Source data
****

Lemma fbl_approx_unique f x y : fbl_approx f x -> fbl_approx f y -> x = y.
Proof.
move=> fx fy; apply/eqP; rewrite -subr_eq0 -normr_le0; apply/ler_addgt0Pr => e e0.
have e4 : 0 < e / 4 by rewrite divr_gt0.
have [t1 [ft1 xt1]] := fx _ e4; have [t2 [ft2 yt2]] := fy _ e4.
rewrite fbl_distC in ft1; have t12 := norm_ltermB_le hE (fbl_dist_triangle ft1 ft2).
have := ler_normD (x - eval t1) (eval t1 - eval t2 + (eval t2 - y)).
have := ler_normD (eval t1 - eval t2) (eval t2 - y).
rewrite distrC in yt2; rewrite !addrA !subrK; lra.
Qed.

Lemma fbl_approx_add f g x y : fbl_approx f x -> fbl_approx g y ->
  fbl_approx (fun xs => f xs + g xs) (x + y).
Proof.
move=> fx gy e e0; have e2 : 0 < e / 2 by rewrite divr_gt0.
have [t1 [ft1 xt1]] := fx _ e2; have [t2 [gt2 yt2]] := gy _ e2.
exists (LAdd t1 t2); split.
- have := fbl_norm_le_lincomb ler01 ler01 _ ft1 gt2; rewrite !mul1r -splitr.
  by apply=> xs; rewrite !mul1r /lterm_fun /= opprD addrACA; exact: ler_normD.
- rewrite /= opprD addrACA (splitr e); apply: le_trans (ler_normD _ _) _.
  exact: lerD.
Qed.

Lemma fbl_approx_scale f x (a : R) : fbl_approx f x ->
  fbl_approx (fun xs => a * f xs) (a *: x).
Proof.
move=> fx e e0; have ea : 0 < e / (`|a| + 1) by rewrite divr_gt0 // ltr_wpDl.
have small : `|a| * (e / (`|a| + 1)) <= e.
  rewrite mulrA ler_pdivrMr ?ltr_wpDl // mulrDr mulr1 mulrC lerDl; exact: ltW.
have [t [ft xt]] := fx _ ea; exists (LScale a t); split.
- apply: (@le_trans _ _ (`|a| * (e / (`|a| + 1)))%:E); last by rewrite lee_fin.
  have := fbl_norm_le_lincomb (normr_ge0 a) (lexx 0) _ ft ft; rewrite mul0r addr0.
  by apply=> xs; rewrite mul0r addr0 /lterm_fun /= -mulrBr normrM.
- rewrite /= -scalerBr normrZ; apply: le_trans small.
  exact: ler_wpM2l.
Qed.

Lemma fbl_approx_join f g x y : fbl_approx f x -> fbl_approx g y ->
  fbl_approx (fun xs => Num.max (f xs) (g xs)) (ljoin hE x y).
Proof.
move=> fx gy e e0; have e2 : 0 < e / 2 by rewrite divr_gt0.
have [t1 [ft1 xt1]] := fx _ e2; have [t2 [gt2 yt2]] := gy _ e2.
exists (LJoin t1 t2); split.
- have := fbl_norm_le_lincomb ler01 ler01 _ ft1 gt2; rewrite !mul1r -splitr.
  by apply=> xs; rewrite !mul1r; exact: max_lipschitz.
- apply: le_trans (ljoin_lipschitz hE _ _ _ _) _.
  by rewrite (splitr e) lerD.
Qed.

Lemma fbl_approx_delta x : fbl_approx (delta x) x.
Proof.
move=> e e0; exists (LVar x); split; last by rewrite /= subrr normr0 ltW.
by apply: le_trans (fbl_norm_le0 _) _; [move=> xs; exact: subrr | rewrite lee_fin ltW].
Qed.

End FBLApprox.

Section FBLProjection.
Variables (R : realType) (E : completeNormedModType R) (le : E -> E -> Prop).
Hypothesis hE : banach_lattice le.
Implicit Types f g : dual E -> R.

Lemma fbl_approx_exists f :
  (forall e, 0 < e -> exists t, (fbl_dist f (lterm_fun t) <= e%:E)%E) ->
  exists x, fbl_approx hE f x.
Proof.
move=> f_approx.
have /choice [t ht] n : exists t, (fbl_dist f (lterm_fun t) <= (n.+1%:R^-1 : R)%:E)%E.
  by apply: f_approx; rewrite invr_gt0 ltr0Sn.
have t_cauchy n m : `|lterm_eval hE (t n) - lterm_eval hE (t m)| <= n.+1%:R^-1 + m.+1%:R^-1.
  by apply: norm_ltermB_le; apply: fbl_dist_triangle (ht m); rewrite fbl_distC.
exists (lim ((fun n => lterm_eval hE (t n)) @ \oo)) => e e0.
have [N hN] := natSinv_le e0; exists (t N); split.
- by apply: le_trans (ht N) _; rewrite lee_fin.
- exact: le_trans (harmonic_cauchy_lim t_cauchy N) hN.
Qed.

Lemma fbl_approx_closed : fbl_closed (fun f => exists x, fbl_approx hE f x).
Proof.
split.
- by move=> x; exists x; exact: fbl_approx_delta.
- by move=> f g [x fx] [y gy]; exists (x + y); exact: fbl_approx_add.
- by move=> a f [x fx]; exists (a *: x); exact: fbl_approx_scale.
- by move=> f g [x fx] [y gy]; exists (ljoin hE x y); exact: fbl_approx_join.
- move=> f _ f_lim; apply: fbl_approx_exists => e e0.
  have e2 : 0 < e / 2 by rewrite divr_gt0.
  have [g [[x gx] fg]] := f_lim _ e2; have [t [gt _]] := gx _ e2.
  by exists t; rewrite (splitr e); exact: fbl_dist_triangle (ltW fg) gt.
Qed.

(* Junk value [0] outside the closure of the lattice expressions. *)
Definition fbl_proj f : E := xget 0 (fbl_approx hE f).

Lemma fbl_projE f x : fbl_approx hE f x -> fbl_proj f = x.
Proof. by move=> fx; apply: fbl_approx_unique (xgetPex 0 (ex_intro _ x fx)) fx. Qed.

Lemma FBL_fbl_approx f : FBL f -> fbl_approx hE f (fbl_proj f).
Proof. by move=> [_ /(_ _ fbl_approx_closed) [x fx]]; rewrite (fbl_projE fx). Qed.

End FBLProjection.

Theorem corollary2p5 (R : realType) (E : completeNormedModType R)
    (le : E -> E -> Prop) (hE : banach_lattice le) :
  exists P : (dual E -> R) -> E,
    [/\ (forall f g, FBL f -> FBL g -> P (fun xs => f xs + g xs) = P f + P g),
        (forall (a : R) f, FBL f -> P (fun xs => a * f xs) = a *: P f),
        (forall f g, FBL f -> FBL g ->
           is_sup le (P f) (P g) (P (fun xs => Num.max (f xs) (g xs)))) &
        (forall x : E, P (delta x) = x)].
Proof.
exists (fbl_proj hE); split.
- move=> f g /(FBL_fbl_approx hE) fx /(FBL_fbl_approx hE) gy.
  exact/fbl_projE/fbl_approx_add.
- by move=> a f /(FBL_fbl_approx hE) fx; exact/fbl_projE/fbl_approx_scale.
- move=> f g /(FBL_fbl_approx hE) fx /(FBL_fbl_approx hE) gy.
  by rewrite (fbl_projE (fbl_approx_join fx gy)); exact: ljoinP.
- by move=> x; exact/fbl_projE/fbl_approx_delta.
Qed.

****

• Work instruction:
Print each record again. Nothing may be left out.

• Expected answer:
Lemma fbl_approx_unique f x y : fbl_approx f x -> fbl_approx f y -> x = y.
Proof.
move=> fx fy; apply/eqP; rewrite -subr_eq0 -normr_le0; apply/ler_addgt0Pr => e e0.
have e4 : 0 < e / 4 by rewrite divr_gt0.
have [t1 [ft1 xt1]] := fx _ e4; have [t2 [ft2 yt2]] := fy _ e4.
rewrite fbl_distC in ft1; have t12 := norm_ltermB_le hE (fbl_dist_triangle ft1 ft2).
have := ler_normD (x - eval t1) (eval t1 - eval t2 + (eval t2 - y)).
have := ler_normD (eval t1 - eval t2) (eval t2 - y).
rewrite distrC in yt2; rewrite !addrA !subrK; lra.
Qed.

Lemma fbl_approx_add f g x y : fbl_approx f x -> fbl_approx g y ->
  fbl_approx (fun xs => f xs + g xs) (x + y).
Proof.
move=> fx gy e e0; have e2 : 0 < e / 2 by rewrite divr_gt0.
have [t1 [ft1 xt1]] := fx _ e2; have [t2 [gt2 yt2]] := gy _ e2.
exists (LAdd t1 t2); split.
- have := fbl_norm_le_lincomb ler01 ler01 _ ft1 gt2; rewrite !mul1r -splitr.
  by apply=> xs; rewrite !mul1r /lterm_fun /= opprD addrACA; exact: ler_normD.
- rewrite /= opprD addrACA (splitr e); apply: le_trans (ler_normD _ _) _.
  exact: lerD.
Qed.

Lemma fbl_approx_scale f x (a : R) : fbl_approx f x ->
  fbl_approx (fun xs => a * f xs) (a *: x).
Proof.
move=> fx e e0; have ea : 0 < e / (`|a| + 1) by rewrite divr_gt0 // ltr_wpDl.
have small : `|a| * (e / (`|a| + 1)) <= e.
  rewrite mulrA ler_pdivrMr ?ltr_wpDl // mulrDr mulr1 mulrC lerDl; exact: ltW.
have [t [ft xt]] := fx _ ea; exists (LScale a t); split.
- apply: (@le_trans _ _ (`|a| * (e / (`|a| + 1)))%:E); last by rewrite lee_fin.
  have := fbl_norm_le_lincomb (normr_ge0 a) (lexx 0) _ ft ft; rewrite mul0r addr0.
  by apply=> xs; rewrite mul0r addr0 /lterm_fun /= -mulrBr normrM.
- rewrite /= -scalerBr normrZ; apply: le_trans small.
  exact: ler_wpM2l.
Qed.

Lemma fbl_approx_join f g x y : fbl_approx f x -> fbl_approx g y ->
  fbl_approx (fun xs => Num.max (f xs) (g xs)) (ljoin hE x y).
Proof.
move=> fx gy e e0; have e2 : 0 < e / 2 by rewrite divr_gt0.
have [t1 [ft1 xt1]] := fx _ e2; have [t2 [gt2 yt2]] := gy _ e2.
exists (LJoin t1 t2); split.
- have := fbl_norm_le_lincomb ler01 ler01 _ ft1 gt2; rewrite !mul1r -splitr.
  by apply=> xs; rewrite !mul1r; exact: max_lipschitz.
- apply: le_trans (ljoin_lipschitz hE _ _ _ _) _.
  by rewrite (splitr e) lerD.
Qed.

Lemma fbl_approx_delta x : fbl_approx (delta x) x.
Proof.
move=> e e0; exists (LVar x); split; last by rewrite /= subrr normr0 ltW.
by apply: le_trans (fbl_norm_le0 _) _; [move=> xs; exact: subrr | rewrite lee_fin ltW].
Qed.

End FBLApprox.

Section FBLProjection.
Variables (R : realType) (E : completeNormedModType R) (le : E -> E -> Prop).
Hypothesis hE : banach_lattice le.
Implicit Types f g : dual E -> R.

Lemma fbl_approx_exists f :
  (forall e, 0 < e -> exists t, (fbl_dist f (lterm_fun t) <= e%:E)%E) ->
  exists x, fbl_approx hE f x.
Proof.
move=> f_approx.
have /choice [t ht] n : exists t, (fbl_dist f (lterm_fun t) <= (n.+1%:R^-1 : R)%:E)%E.
  by apply: f_approx; rewrite invr_gt0 ltr0Sn.
have t_cauchy n m : `|lterm_eval hE (t n) - lterm_eval hE (t m)| <= n.+1%:R^-1 + m.+1%:R^-1.
  by apply: norm_ltermB_le; apply: fbl_dist_triangle (ht m); rewrite fbl_distC.
exists (lim ((fun n => lterm_eval hE (t n)) @ \oo)) => e e0.
have [N hN] := natSinv_le e0; exists (t N); split.
- by apply: le_trans (ht N) _; rewrite lee_fin.
- exact: le_trans (harmonic_cauchy_lim t_cauchy N) hN.
Qed.

Lemma fbl_approx_closed : fbl_closed (fun f => exists x, fbl_approx hE f x).
Proof.
split.
- by move=> x; exists x; exact: fbl_approx_delta.
- by move=> f g [x fx] [y gy]; exists (x + y); exact: fbl_approx_add.
- by move=> a f [x fx]; exists (a *: x); exact: fbl_approx_scale.
- by move=> f g [x fx] [y gy]; exists (ljoin hE x y); exact: fbl_approx_join.
- move=> f _ f_lim; apply: fbl_approx_exists => e e0.
  have e2 : 0 < e / 2 by rewrite divr_gt0.
  have [g [[x gx] fg]] := f_lim _ e2; have [t [gt _]] := gx _ e2.
  by exists t; rewrite (splitr e); exact: fbl_dist_triangle (ltW fg) gt.
Qed.

(* Junk value [0] outside the closure of the lattice expressions. *)
Definition fbl_proj f : E := xget 0 (fbl_approx hE f).

Lemma fbl_projE f x : fbl_approx hE f x -> fbl_proj f = x.
Proof. by move=> fx; apply: fbl_approx_unique (xgetPex 0 (ex_intro _ x fx)) fx. Qed.

Lemma FBL_fbl_approx f : FBL f -> fbl_approx hE f (fbl_proj f).
Proof. by move=> [_ /(_ _ fbl_approx_closed) [x fx]]; rewrite (fbl_projE fx). Qed.

End FBLProjection.

Theorem corollary2p5 (R : realType) (E : completeNormedModType R)
    (le : E -> E -> Prop) (hE : banach_lattice le) :
  exists P : (dual E -> R) -> E,
    [/\ (forall f g, FBL f -> FBL g -> P (fun xs => f xs + g xs) = P f + P g),
        (forall (a : R) f, FBL f -> P (fun xs => a * f xs) = a *: P f),
        (forall f g, FBL f -> FBL g ->
           is_sup le (P f) (P g) (P (fun xs => Num.max (f xs) (g xs)))) &
        (forall x : E, P (delta x) = x)].
Proof.
exists (fbl_proj hE); split.
- move=> f g /(FBL_fbl_approx hE) fx /(FBL_fbl_approx hE) gy.
  exact/fbl_projE/fbl_approx_add.
- by move=> a f /(FBL_fbl_approx hE) fx; exact/fbl_projE/fbl_approx_scale.
- move=> f g /(FBL_fbl_approx hE) fx /(FBL_fbl_approx hE) gy.
  by rewrite (fbl_projE (fbl_approx_join fx gy)); exact: ljoinP.
- by move=> x; exact/fbl_projE/fbl_approx_delta.
Qed.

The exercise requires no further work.